The subalterns scattered, shame-faced, as the regimental bands-men and the regiment's wives went past to begin recovering the wounded and the dead. Walking wounded, aided by their mates, began to struggle to the top of the ridge from their charge, some chattily happy to have taken survivable wounds, yet most ashen, and fearful of what they faced with the surgeons. Some whimpered, some wept, and some unharmed soldiers shared tears with them over the loss of good friends.

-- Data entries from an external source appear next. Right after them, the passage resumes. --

Theorem lemma3p4 (R : realFieldType) (n I J : nat)
  (lam : 'I_I -> nat) (mu : 'I_J -> nat) :
  is_partition n lam -> is_partition n mu ->
  forall x : table I J n, x \in tables n lam mu ->
  forall (i k : 'I_I) (j l : 'I_J),
  let N : R := n%:R in
  let X (a : 'I_I) (b : 'I_J) : R := (ent x a b)%:R in
  let L (a : 'I_I) : R := (lam a)%:R in
  let M (b : 'I_J) : R := (mu b)%:R in
  [/\ (i != k -> j != l ->
        rt_E lam mu x (fun T => (ent T i j)%:R * (ent T k l)%:R)
        = X i j * X k l * (1 - 4 / N + 2 / N ^+ 2)
          + 2 / N ^+ 2 * (X k l * L i * M j + X i j * L k * M l
                          + X i l * X k j)),
      (i != k ->
        rt_E lam mu x (fun T => (ent T i j)%:R * (ent T k j)%:R)
        = X i j * X k j * (1 - 4 / N + 4 / N ^+ 2)
          + 2 / N ^+ 2 * (X k j * (L i * M j - L i)
                          + X i j * (L k * M j - L k))) &
      rt_E lam mu x (fun T => (ent T i j)%:R ^+ 2)
        = X i j ^+ 2 * (1 - 4 / N + 4 / N ^+ 2)
          + 2 / N ^+ 2 * (X i j * (2 * L i * M j - 2 * L i - 2 * M j + N)
                          + L i * M j)].
Proof.
move=> [sum_lam lam_pos _] _ x x_tab i k j l N X L M.
rewrite {}/N {}/X {}/L {}/M.
have n_neq0 : n%:R != 0 :> R.
  by rewrite pnatr_eq0 -lt0n -sum_lam (bigD1 i) //= ltn_addr ?lam_pos.
split => [ne_ik ne_jl | ne_ik |].
- by rewrite rt_E_ent_mul // (negbTE ne_ik) (negbTE ne_jl) /=; field.
- by rewrite rt_E_ent_mul // (negbTE ne_ik) eqxx /=; field.
- by rewrite (rt_E_ent_mul R x_tab sum_lam i j i j) !eqxx /=; field.
Qed.
(* Let $M$ be the monoid defined by the presentation $\langle a,b,x,y \mid bxy=xyb,\ byx=yxb,\ axyb=byxa\rangle$. Then for every $\alpha\in\mathbb{N}$, the elements represented by $a(xy)^\alpha b$ and $b(yx)^\alpha a$ lie in the same connected component of the cyclic shift graph $K(M)$, and the distance between them in $K(M)$ is at least $\alpha-1$. Consequently, although $M$ is multihomogeneous, there is no bound on the diameters of the connected components of $K(M)$.
   Context: For a monoid $M$ and $s,t\in M$, write $s\sim t$ if there exist $x,y\in M$ with $s=xy$ and $t=yx$ (a cyclic shift). The cyclic shift graph $K(M)$ is the undirected graph with vertex set $M$ and an edge between $s$ and $t$ iff $s\sim t$; its connected components are the classes of the reflexive–transitive closure of $\sim$, and distances/diameters are graph distances. A presentation is multihomogeneous if each defining relation $(u,v)$ has $u$ and $v$ containing the same number of occurrences of each generator; a monoid is multihomogeneous if it admits such a presentation. *)

From mathcomp Require Import all_boot.
From Stdlib Require Import Relations.
Set Implicit Arguments. Unset Strict Implicit. Unset Printing Implicit Defensive.

Definition letter := 'I_4.
Definition la : letter := @Ordinal 4 0 isT.
Definition lb : letter := @Ordinal 4 1 isT.
Definition lx : letter := @Ordinal 4 2 isT.
Definition ly : letter := @Ordinal 4 3 isT.

Definition word := seq letter.

Definition rels : seq (word * word) :=
  [:: ([:: lb; lx; ly], [:: lx; ly; lb]);
      ([:: lb; ly; lx], [:: ly; lx; lb]);
      ([:: la; lx; ly; lb], [:: lb; ly; lx; la])].

Inductive step : word -> word -> Prop :=
  | step_intro (u v l r : word) :
      (l, r) \in rels -> step (u ++ l ++ v) (u ++ r ++ v).

Definition eqM : word -> word -> Prop := clos_refl_sym_trans word step.

Definition cshift (s t : word) : Prop :=
  exists p q : word, eqM s (p ++ q) /\ eqM t (q ++ p).

Fixpoint Kpath (n : nat) (s t : word) : Prop :=
  match n with
  | 0 => eqM s t
  | n'.+1 => exists u : word, cshift s u /\ Kpath n' u t
  end.

Definition Kconnected (s t : word) : Prop := exists n, Kpath n s t.

Definition multihomogeneous (R : seq (word * word)) : bool :=
  all (fun p => perm_eq p.1 p.2) R.

Definition w1 (alpha : nat) : word :=
  la :: flatten (nseq alpha [:: lx; ly]) ++ [:: lb].
Definition w2 (alpha : nat) : word :=
  lb :: flatten (nseq alpha [:: ly; lx]) ++ [:: la].

From mathcomp Require Import all_boot ssralg ssrnum ssrint zify.
From Stdlib Require Import Relations.
Set Implicit Arguments. Unset Strict Implicit. Unset Printing Implicit Defensive.

(* Let inv(c,d)(w) count the pairs of positions of w carrying c before d.
   The integer potential
     P(w) = inv(y,x) + alpha inv(x,a) - inv(b,a) - alpha inv(y,a)
   changes under replacement of a factor by an anagram only through the
   potential of that factor, and the two sides of every defining relation have
   the same potential, so P is well defined on M.  Rotating a word pq with the
   content of a x^alpha y^alpha b into qp changes P by |p|_b - |p|_a <= 1,
   while P(b (yx)^alpha a) - P(a (xy)^alpha b) = alpha - 1.  Conversely, b
   commutes with xy and yx, and each use of axyb = byxa between two cyclic
   shifts turns one block xy into yx. *)

Lemma count_flatten_nseq (T : Type) (P : pred T) n s :
  count P (flatten (nseq n s)) = n * count P s.
Proof. by elim: n => //= n IHn; rewrite count_cat IHn mulSn. Qed.

Lemma flatten_nseqSr (T : Type) n (s : seq T) :
  flatten (nseq n s) ++ s = flatten (nseq n.+1 s).
Proof. by elim: n => [|n IHn] /=; rewrite ?cats0 // -catA IHn. Qed.

Lemma eqM_catr v s t : eqM s t -> eqM (s ++ v) (t ++ v).
Proof.
elim=> [_ _ [u w l r lr] | s' | s' t' _ | s' t' r' _ IH1 _ IH2].
- by apply: rst_step; rewrite -!catA; apply: step_intro.
- exact: rst_refl.
- exact: rst_sym.
- exact: rst_trans IH1 IH2.
Qed.

Lemma eqM_catl u s t : eqM s t -> eqM (u ++ s) (u ++ t).
Proof.
elim=> [_ _ [u' w l r lr] | s' | s' t' _ | s' t' r' _ IH1 _ IH2].
- by apply: rst_step; rewrite !catA -(catA _ l) -(catA _ r); apply: step_intro.
- exact: rst_refl.
- exact: rst_sym.
- exact: rst_trans IH1 IH2.
Qed.

Lemma eqM_rels l r : (l, r) \in rels -> eqM l r.
Proof.
by move=> lr; apply: rst_step; have := step_intro [::] [::] lr; rewrite /= !cats0.
Qed.

Lemma eqM_comm_cat l s t : eqM (l ++ s) (s ++ l) -> eqM (l ++ t) (t ++ l) ->
  eqM (l ++ s ++ t) ((s ++ t) ++ l).
Proof.
move=> ls lt; apply: rst_trans (_ : eqM ((s ++ l) ++ t) _).
  by rewrite catA; apply: eqM_catr.
by rewrite -!catA; apply: eqM_catl.
Qed.

Lemma eqM_comm_flatten_nseq l s n : eqM (l ++ s) (s ++ l) ->
  eqM (l ++ flatten (nseq n s)) (flatten (nseq n s) ++ l).
Proof.
move=> ls; elim: n => [|n IHn] /=; first by rewrite cats0; apply: rst_refl.
exact: eqM_comm_cat.
Qed.

Lemma cshift_eqM_l s s' t : eqM s s' -> cshift s' t -> cshift s t.
Proof.
by move=> ss' [p [q [s'pq tqp]]]; exists p, q; split; first exact: rst_trans s'pq.
Qed.

Lemma cshift_cat p q : cshift (p ++ q) (q ++ p).
Proof. by exists p, q; split; apply: rst_refl. Qed.

Lemma Kpath_eqM_l n s s' t : eqM s s' -> Kpath n s' t -> Kpath n s t.
Proof.
case: n => [|n] /= ss'; first exact: rst_trans.
by case=> u [s'u ut]; exists u; split; first exact: cshift_eqM_l s'u.
Qed.

Lemma Kpath_cat n m s t r : Kpath n s t -> Kpath m t r -> Kpath (n + m) s r.
Proof.
elim: n s => [|n IHn] s /=; first exact: Kpath_eqM_l.
by case=> u [su ut] tr; exists u; split; last exact: IHn tr.
Qed.

Lemma Kconnected_trans s t r : Kconnected s t -> Kconnected t r -> Kconnected s r.
Proof. by case=> n st [m tr]; exists (n + m); apply: Kpath_cat tr. Qed.

Lemma eqM_Kconnected s t : eqM s t -> Kconnected s t.
Proof. by exists 0. Qed.

Lemma cshift_Kconnected s t : cshift s t -> Kconnected s t.
Proof. by exists 1, t; split; last exact: rst_refl. Qed.

Definition bridge (m k : nat) : word :=
  lb :: flatten (nseq m [:: lx; ly]) ++ flatten (nseq k [:: ly; lx]) ++ [:: la].

Lemma eqM_b_xy : eqM ([:: lb] ++ [:: lx; ly]) ([:: lx; ly] ++ [:: lb]).
Proof. exact: eqM_rels. Qed.

Lemma eqM_b_yx : eqM ([:: lb] ++ [:: ly; lx]) ([:: ly; lx] ++ [:: lb]).
Proof. exact: eqM_rels. Qed.

Lemma bridge_step m k : Kconnected (bridge m.+1 k) (bridge m k.+1).
Proof.
set xy := flatten (nseq m [:: lx; ly]); set yx := flatten (nseq k [:: ly; lx]).
have shift1 : cshift (bridge m.+1 k) ([:: la; lb; lx; ly] ++ xy ++ yx).
  by have := cshift_cat [:: lb, lx, ly & xy ++ yx] [:: la]; rewrite /= -catA.
have axyb : eqM ([:: la; lb; lx; ly] ++ xy ++ yx) ([:: lb; ly; lx; la] ++ xy ++ yx).
  apply: eqM_catr; apply: (@rst_trans _ _ _ [:: la; lx; ly; lb]).
    exact: (eqM_catl [:: la] (eqM_rels _)).
  exact: eqM_rels.
have bcomm : eqM (bridge m k.+1) ((xy ++ yx) ++ [:: lb; ly; lx; la]).
  have := eqM_catr [:: ly; lx; la] (eqM_comm_cat
    (eqM_comm_flatten_nseq m eqM_b_xy) (eqM_comm_flatten_nseq k eqM_b_yx)).
  by rewrite /bridge -flatten_nseqSr -/xy -/yx -!catA.
apply: Kconnected_trans (cshift_Kconnected shift1) _.
apply: Kconnected_trans (eqM_Kconnected axyb) _.
apply: Kconnected_trans (cshift_Kconnected (cshift_cat _ (xy ++ yx))) _.
exact/eqM_Kconnected/rst_sym.
Qed.

Lemma bridge_Kconnected m k : Kconnected (bridge m k) (bridge 0 (m + k)).
Proof.
elim: m k => [|m IHm] k; first exact/eqM_Kconnected/rst_refl.
by apply: Kconnected_trans (bridge_step m k) _; rewrite addSnnS.
Qed.

Lemma w1_Kconnected_bridge alpha : Kconnected (w1 alpha) (bridge alpha 0).
Proof.
set xy := flatten (nseq alpha [:: lx; ly]).
apply: Kconnected_trans (cshift_Kconnected (cshift_cat [:: la] (xy ++ [:: lb]))) _.
apply/eqM_Kconnected/rst_sym.
change (eqM (([:: lb] ++ xy) ++ [:: la]) ((xy ++ [:: lb]) ++ [:: la])).
exact: eqM_catr (eqM_comm_flatten_nseq alpha eqM_b_xy).
Qed.

Lemma w1_w2_Kconnected alpha : Kconnected (w1 alpha) (w2 alpha).
Proof.
apply: Kconnected_trans (w1_Kconnected_bridge alpha) _.
by have := bridge_Kconnected alpha 0; rewrite addn0.
Qed.

Fixpoint inversions (c d : letter) (w : word) : nat :=
  if w is e :: w' then (e == c) * count_mem d w' + inversions c d w' else 0.

Lemma inversions_cat c d p q :
  inversions c d (p ++ q) =
  inversions c d p + inversions c d q + count_mem c p * count_mem d q.
Proof.
elim: p => [|e p IHp] /=; first lia.
by rewrite IHp count_cat; case: (e == c) => /=; lia.
Qed.

Lemma inversions_flatten_nseq c d n (s : word) :
  inversions c d (flatten (nseq n s)) =
  n * inversions c d s + 'C(n, 2) * (count_mem c s * count_mem d s).
Proof.
elim: n => //= n IHn; rewrite inversions_cat IHn count_flatten_nseq binS bin1.
move: (inversions c d s) (count_mem c s) (count_mem d s) => i x y; nia.
Qed.

Lemma rels_perm l r : (l, r) \in rels -> perm_eq l r.
Proof. exact: (allP (isT : multihomogeneous rels)). Qed.

Lemma step_perm s t : step s t -> perm_eq s t.
Proof. by case=> u v l r /rels_perm lr; rewrite perm_cat2l perm_cat2r. Qed.

Lemma eqM_perm s t : eqM s t -> perm_eq s t.
Proof.
elim=> [s' t' /step_perm // | s' | s' t' _ | s' t' r' _ st _ tr].
- exact: perm_refl.
- by rewrite perm_sym.
- exact: perm_trans tr.
Qed.

Lemma cshift_perm s t : cshift s t -> perm_eq s t.
Proof.
case=> p [q [/eqM_perm spq /eqM_perm tqp]].
by apply: perm_trans spq _; rewrite perm_catC perm_sym.
Qed.

Lemma count_w1 alpha c :
  count_mem c (w1 alpha) = (c == la) + alpha * count_mem c [:: lx; ly] + (c == lb).
Proof. by rewrite /w1 /= count_cat count_flatten_nseq /= ![_ == c]eq_sym; lia. Qed.

Section Potential.

Import GRing.Theory.
Local Open Scope ring_scope.

Variable alpha : nat.

Lemma inversions_rot c d p q :
  (inversions c d (q ++ p))%:Z =
  (inversions c d (p ++ q))%:Z + (count_mem c (p ++ q) * count_mem d p)%N%:Z
  - (count_mem d (p ++ q) * count_mem c p)%N%:Z.
Proof. rewrite !inversions_cat !count_cat; lia. Qed.

Definition potential (w : word) : int :=
  (inversions ly lx w)%:Z + alpha%:Z * (inversions lx la w)%:Z
  - (inversions lb la w)%:Z - alpha%:Z * (inversions ly la w)%:Z.

Lemma potential_ctx u l r v : perm_eq l r ->
  potential (u ++ l ++ v) - potential (u ++ r ++ v) = potential l - potential r.
Proof.
move=> /permP lr; rewrite /potential !inversions_cat !count_cat.
rewrite !(lr (pred1 _)); lia.
Qed.

Lemma potential_rels l r : (l, r) \in rels -> potential l = potential r.
Proof. by rewrite !inE => /or3P [] /eqP [-> ->]; rewrite /potential /=; lia. Qed.

Lemma step_potential s t : step s t -> potential s = potential t.
Proof.
case=> u v l r lr; apply/eqP; rewrite -subr_eq0.
by rewrite potential_ctx ?rels_perm // (potential_rels lr) subrr.
Qed.

Lemma eqM_potential s t : eqM s t -> potential s = potential t.
Proof. by elim=> [s' t' /step_potential | | | s' t' r' _ -> _ ->]. Qed.

Lemma potential_rot (p q : word) : perm_eq (p ++ q) (w1 alpha) ->
  potential (q ++ p) - potential (p ++ q) =
  (count_mem lb p)%:Z - (count_mem la p)%:Z.
Proof.
move=> /permP pqw; rewrite /potential !(inversions_rot _ _ p q).
rewrite !(pqw (pred1 _)) !count_w1 /=; lia.
Qed.

Lemma cshift_potential (s t : word) : perm_eq s (w1 alpha) -> cshift s t ->
  potential t - potential s <= 1.
Proof.
move=> sw [p [q [spq tqp]]].
have pqw : perm_eq (p ++ q) (w1 alpha) by rewrite -(permPl (eqM_perm spq)).
rewrite (eqM_potential spq) (eqM_potential tqp) potential_rot //.
have := permP pqw (pred1 lb); rewrite count_cat count_w1 /=; lia.
Qed.

Lemma Kpath_potential n (s t : word) : perm_eq s (w1 alpha) -> Kpath n s t ->
  potential t - potential s <= n%:Z.
Proof.
elim: n s => [|n IHn] s sw /=; first by move=> /eqM_potential ->; rewrite subrr.
case=> u [su ut]; have uw : perm_eq u (w1 alpha).
  by rewrite -(permPl (cshift_perm su)).
have := cshift_potential sw su; have := IHn u uw ut; lia.
Qed.

Lemma potential_w2_w1 : potential (w2 alpha) - potential (w1 alpha) = alpha%:Z - 1.
Proof.
rewrite /potential /w1 /w2 /= !inversions_cat !inversions_flatten_nseq.
rewrite !count_cat !count_flatten_nseq /=; lia.
Qed.

Lemma Kpath_w1_w2 n : Kpath n (w1 alpha) (w2 alpha) -> (alpha - 1 <= n)%N.
Proof. by move=> /(Kpath_potential (perm_refl _)); rewrite potential_w2_w1; lia. Qed.

End Potential.

Theorem mainTheorem15 :
  (forall alpha : nat,
      Kconnected (w1 alpha) (w2 alpha) /\
      (forall n : nat, Kpath n (w1 alpha) (w2 alpha) -> alpha - 1 <= n)) /\
  multihomogeneous rels /\
  (forall D : nat, exists s t : word,
      Kconnected s t /\ (forall n : nat, Kpath n s t -> D < n)).
Proof.
split; first by move=> alpha; split; [exact: w1_w2_Kconnected | exact: Kpath_w1_w2].
split; first by [].
move=> D; exists (w1 D.+2), (w2 D.+2); split; first exact: w1_w2_Kconnected.
by move=> n /Kpath_w1_w2; lia.
Qed.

And the day was not over, Lewrie realised as he heard trumpets or bugles, and turned to look down over the ridge to the land below. Another pair of those massive French columns were forming up to make a fresh attempt near the village of Vimeiro, and a whole three fresh columns were assembling farther to the East. He pulled out his watch and found that it was not quite ten in the morning.

“I need a sit-down, somewhere,” he muttered.

 

CHAPTER THIRTY-TWO

There was no way that Lewrie could walk all the way to where the fresh French attacks would come; that would be asking too much of a sailor's legs. Un-employed, he drifted to the back slope of the ridge to see if his horse was still there, or had galloped off in fear. It was restive, but glad for some stroking and nose rubs, and the men who served as grooms had provided it with oats and water, and assured him that his mount was fine.

Further down the slope, on a flattish ledge, the surgeons were doing their grim best under a series of canvas awnings, shirtsleeves rolled to their elbows yet still bloody, their leather aprons from upper chests to their knees slick with gore.